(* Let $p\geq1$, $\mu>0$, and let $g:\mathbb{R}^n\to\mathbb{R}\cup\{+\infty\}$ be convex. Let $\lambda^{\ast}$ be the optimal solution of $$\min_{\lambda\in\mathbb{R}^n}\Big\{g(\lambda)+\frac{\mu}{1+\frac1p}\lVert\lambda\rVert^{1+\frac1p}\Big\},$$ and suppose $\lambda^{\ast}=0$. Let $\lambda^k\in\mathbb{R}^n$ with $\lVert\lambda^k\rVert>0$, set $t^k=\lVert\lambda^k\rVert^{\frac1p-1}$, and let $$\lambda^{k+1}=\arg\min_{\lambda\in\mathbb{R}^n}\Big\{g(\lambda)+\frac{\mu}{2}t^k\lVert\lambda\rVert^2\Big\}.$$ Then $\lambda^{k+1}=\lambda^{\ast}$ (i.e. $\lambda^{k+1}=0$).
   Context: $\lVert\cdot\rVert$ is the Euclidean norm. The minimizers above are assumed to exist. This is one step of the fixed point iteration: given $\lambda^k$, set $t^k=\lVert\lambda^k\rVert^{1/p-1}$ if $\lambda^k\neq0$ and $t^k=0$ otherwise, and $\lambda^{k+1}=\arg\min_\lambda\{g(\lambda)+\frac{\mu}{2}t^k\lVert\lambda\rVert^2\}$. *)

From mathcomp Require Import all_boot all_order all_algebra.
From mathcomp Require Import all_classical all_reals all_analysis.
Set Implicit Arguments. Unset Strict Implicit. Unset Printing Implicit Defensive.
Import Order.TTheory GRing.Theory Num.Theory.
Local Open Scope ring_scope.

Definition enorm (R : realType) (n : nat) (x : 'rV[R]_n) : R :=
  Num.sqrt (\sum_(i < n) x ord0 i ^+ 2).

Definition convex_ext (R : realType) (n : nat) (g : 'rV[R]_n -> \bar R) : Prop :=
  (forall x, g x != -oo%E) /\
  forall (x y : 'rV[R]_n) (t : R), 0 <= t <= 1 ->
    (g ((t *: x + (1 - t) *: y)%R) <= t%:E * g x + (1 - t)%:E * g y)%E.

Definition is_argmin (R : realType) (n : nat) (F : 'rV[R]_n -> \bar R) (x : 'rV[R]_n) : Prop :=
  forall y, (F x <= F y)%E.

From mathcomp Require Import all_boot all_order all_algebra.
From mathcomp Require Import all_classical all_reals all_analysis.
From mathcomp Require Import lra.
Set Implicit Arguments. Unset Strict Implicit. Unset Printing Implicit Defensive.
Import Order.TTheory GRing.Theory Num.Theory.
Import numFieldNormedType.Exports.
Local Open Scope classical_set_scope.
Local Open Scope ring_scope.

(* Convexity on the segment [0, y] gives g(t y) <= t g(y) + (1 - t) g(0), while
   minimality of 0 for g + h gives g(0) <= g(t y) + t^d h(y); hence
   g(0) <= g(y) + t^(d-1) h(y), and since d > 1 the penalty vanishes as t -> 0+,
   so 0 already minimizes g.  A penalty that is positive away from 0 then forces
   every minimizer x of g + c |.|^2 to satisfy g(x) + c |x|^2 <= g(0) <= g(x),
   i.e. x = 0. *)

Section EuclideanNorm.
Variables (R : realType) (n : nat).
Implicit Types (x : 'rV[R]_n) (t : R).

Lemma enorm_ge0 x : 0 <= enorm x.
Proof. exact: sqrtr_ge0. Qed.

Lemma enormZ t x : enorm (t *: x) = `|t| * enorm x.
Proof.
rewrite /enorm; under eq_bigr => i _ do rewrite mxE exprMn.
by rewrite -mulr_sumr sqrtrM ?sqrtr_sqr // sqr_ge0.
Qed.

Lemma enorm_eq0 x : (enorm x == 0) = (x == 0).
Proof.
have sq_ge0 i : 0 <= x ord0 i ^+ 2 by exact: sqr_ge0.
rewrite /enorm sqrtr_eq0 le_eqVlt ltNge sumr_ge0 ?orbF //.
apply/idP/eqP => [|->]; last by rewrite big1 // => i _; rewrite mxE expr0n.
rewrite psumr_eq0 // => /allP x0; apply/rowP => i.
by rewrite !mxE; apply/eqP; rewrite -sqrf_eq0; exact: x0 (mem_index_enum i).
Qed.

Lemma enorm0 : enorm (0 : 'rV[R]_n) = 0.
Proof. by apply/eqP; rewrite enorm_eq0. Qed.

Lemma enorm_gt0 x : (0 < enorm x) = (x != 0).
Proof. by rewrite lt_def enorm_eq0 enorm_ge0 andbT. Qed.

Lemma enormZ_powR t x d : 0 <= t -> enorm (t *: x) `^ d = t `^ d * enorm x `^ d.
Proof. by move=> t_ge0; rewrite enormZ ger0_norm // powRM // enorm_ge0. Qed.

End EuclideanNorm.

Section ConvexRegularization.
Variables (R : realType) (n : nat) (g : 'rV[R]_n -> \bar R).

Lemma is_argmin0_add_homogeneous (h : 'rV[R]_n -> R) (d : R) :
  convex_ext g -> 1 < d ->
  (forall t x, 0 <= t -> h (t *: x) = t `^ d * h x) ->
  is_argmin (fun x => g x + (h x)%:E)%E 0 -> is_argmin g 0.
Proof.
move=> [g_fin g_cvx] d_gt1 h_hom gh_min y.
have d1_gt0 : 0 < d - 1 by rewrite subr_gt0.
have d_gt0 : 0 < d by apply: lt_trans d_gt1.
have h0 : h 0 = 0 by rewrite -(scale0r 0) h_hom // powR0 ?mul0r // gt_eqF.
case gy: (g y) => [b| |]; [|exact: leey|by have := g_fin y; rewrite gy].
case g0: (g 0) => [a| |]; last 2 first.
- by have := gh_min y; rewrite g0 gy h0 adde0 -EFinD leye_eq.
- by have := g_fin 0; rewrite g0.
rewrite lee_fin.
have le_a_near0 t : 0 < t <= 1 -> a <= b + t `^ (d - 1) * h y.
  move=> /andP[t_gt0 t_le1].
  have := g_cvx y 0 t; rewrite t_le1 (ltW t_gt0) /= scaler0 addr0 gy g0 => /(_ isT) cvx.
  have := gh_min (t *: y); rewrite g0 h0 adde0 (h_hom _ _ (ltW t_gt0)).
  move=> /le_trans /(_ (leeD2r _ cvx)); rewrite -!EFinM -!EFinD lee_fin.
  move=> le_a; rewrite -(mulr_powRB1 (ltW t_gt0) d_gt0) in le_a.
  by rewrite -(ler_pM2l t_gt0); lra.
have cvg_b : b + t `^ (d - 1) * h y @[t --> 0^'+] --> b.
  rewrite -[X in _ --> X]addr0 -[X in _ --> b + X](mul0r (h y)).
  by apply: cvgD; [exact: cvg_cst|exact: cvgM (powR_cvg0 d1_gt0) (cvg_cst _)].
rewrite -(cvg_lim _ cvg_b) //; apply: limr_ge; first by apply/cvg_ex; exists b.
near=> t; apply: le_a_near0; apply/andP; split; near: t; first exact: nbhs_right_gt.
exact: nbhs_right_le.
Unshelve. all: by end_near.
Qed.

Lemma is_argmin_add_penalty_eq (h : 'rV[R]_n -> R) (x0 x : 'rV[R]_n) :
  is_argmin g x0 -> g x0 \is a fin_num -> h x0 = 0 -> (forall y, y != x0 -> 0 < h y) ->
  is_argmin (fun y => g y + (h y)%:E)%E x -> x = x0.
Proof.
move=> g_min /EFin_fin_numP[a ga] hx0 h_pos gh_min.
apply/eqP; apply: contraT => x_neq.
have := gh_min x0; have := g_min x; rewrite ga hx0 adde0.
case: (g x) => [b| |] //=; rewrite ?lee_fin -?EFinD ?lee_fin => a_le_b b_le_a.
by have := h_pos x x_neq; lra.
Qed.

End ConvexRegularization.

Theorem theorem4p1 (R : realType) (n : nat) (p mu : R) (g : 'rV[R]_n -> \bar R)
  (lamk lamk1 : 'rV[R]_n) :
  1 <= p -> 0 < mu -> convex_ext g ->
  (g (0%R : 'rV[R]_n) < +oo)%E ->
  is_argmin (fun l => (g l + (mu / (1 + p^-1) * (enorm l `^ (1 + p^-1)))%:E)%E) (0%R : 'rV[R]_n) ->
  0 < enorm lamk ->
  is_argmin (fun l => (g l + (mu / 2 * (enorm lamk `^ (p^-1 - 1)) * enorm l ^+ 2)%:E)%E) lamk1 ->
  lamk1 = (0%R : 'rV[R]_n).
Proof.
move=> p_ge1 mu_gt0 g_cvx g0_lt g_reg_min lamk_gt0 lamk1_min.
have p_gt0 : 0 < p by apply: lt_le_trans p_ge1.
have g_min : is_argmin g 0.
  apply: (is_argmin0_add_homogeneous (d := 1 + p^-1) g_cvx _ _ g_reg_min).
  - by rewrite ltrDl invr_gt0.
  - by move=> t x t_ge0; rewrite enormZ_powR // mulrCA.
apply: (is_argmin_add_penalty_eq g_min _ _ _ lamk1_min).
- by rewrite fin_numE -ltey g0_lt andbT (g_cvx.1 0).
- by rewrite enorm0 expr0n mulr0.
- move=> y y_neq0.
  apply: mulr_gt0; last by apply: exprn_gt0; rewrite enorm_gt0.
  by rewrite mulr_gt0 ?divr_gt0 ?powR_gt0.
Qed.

━━━━━━━━━━━━━━━━

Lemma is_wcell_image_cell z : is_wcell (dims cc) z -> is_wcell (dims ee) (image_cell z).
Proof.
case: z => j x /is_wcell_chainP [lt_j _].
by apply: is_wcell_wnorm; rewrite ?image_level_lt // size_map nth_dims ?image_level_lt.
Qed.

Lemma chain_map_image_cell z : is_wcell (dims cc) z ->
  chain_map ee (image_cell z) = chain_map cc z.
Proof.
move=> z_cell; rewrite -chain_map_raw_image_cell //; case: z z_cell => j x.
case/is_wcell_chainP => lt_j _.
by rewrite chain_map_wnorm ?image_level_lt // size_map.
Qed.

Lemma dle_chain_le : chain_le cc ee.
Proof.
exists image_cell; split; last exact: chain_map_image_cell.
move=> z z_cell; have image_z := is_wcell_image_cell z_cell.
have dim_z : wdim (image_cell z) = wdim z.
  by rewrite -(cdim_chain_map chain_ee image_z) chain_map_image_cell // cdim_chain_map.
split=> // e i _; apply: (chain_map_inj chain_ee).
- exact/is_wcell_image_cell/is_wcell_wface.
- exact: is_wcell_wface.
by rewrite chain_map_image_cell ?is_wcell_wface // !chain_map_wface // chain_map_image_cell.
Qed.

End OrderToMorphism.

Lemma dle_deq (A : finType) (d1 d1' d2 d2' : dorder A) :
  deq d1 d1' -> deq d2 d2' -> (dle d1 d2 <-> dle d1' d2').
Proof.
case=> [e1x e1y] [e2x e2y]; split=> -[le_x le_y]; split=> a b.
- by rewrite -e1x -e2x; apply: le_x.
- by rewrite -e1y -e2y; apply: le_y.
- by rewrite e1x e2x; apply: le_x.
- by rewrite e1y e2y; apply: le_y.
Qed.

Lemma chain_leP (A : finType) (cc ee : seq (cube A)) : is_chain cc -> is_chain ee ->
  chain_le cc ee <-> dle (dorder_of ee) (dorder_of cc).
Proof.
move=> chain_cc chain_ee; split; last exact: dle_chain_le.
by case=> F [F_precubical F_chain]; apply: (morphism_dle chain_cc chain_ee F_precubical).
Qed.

━━━━━━━━━━━━━━━━

In the listing above, find the line with "(* Let $p\geq1$, $\mu>0$, and" and the line with "Num.sqrt (\sum_(i < n) x ord0 i ^+ 2)."; output exactly those lines and all lines between them.

- Result for this exercise -
(* Let $p\geq1$, $\mu>0$, and let $g:\mathbb{R}^n\to\mathbb{R}\cup\{+\infty\}$ be convex. Let $\lambda^{\ast}$ be the optimal solution of $$\min_{\lambda\in\mathbb{R}^n}\Big\{g(\lambda)+\frac{\mu}{1+\frac1p}\lVert\lambda\rVert^{1+\frac1p}\Big\},$$ and suppose $\lambda^{\ast}=0$. Let $\lambda^k\in\mathbb{R}^n$ with $\lVert\lambda^k\rVert>0$, set $t^k=\lVert\lambda^k\rVert^{\frac1p-1}$, and let $$\lambda^{k+1}=\arg\min_{\lambda\in\mathbb{R}^n}\Big\{g(\lambda)+\frac{\mu}{2}t^k\lVert\lambda\rVert^2\Big\}.$$ Then $\lambda^{k+1}=\lambda^{\ast}$ (i.e. $\lambda^{k+1}=0$).
   Context: $\lVert\cdot\rVert$ is the Euclidean norm. The minimizers above are assumed to exist. This is one step of the fixed point iteration: given $\lambda^k$, set $t^k=\lVert\lambda^k\rVert^{1/p-1}$ if $\lambda^k\neq0$ and $t^k=0$ otherwise, and $\lambda^{k+1}=\arg\min_\lambda\{g(\lambda)+\frac{\mu}{2}t^k\lVert\lambda\rVert^2\}$. *)

From mathcomp Require Import all_boot all_order all_algebra.
From mathcomp Require Import all_classical all_reals all_analysis.
Set Implicit Arguments. Unset Strict Implicit. Unset Printing Implicit Defensive.
Import Order.TTheory GRing.Theory Num.Theory.
Local Open Scope ring_scope.

Definition enorm (R : realType) (n : nat) (x : 'rV[R]_n) : R :=
  Num.sqrt (\sum_(i < n) x ord0 i ^+ 2).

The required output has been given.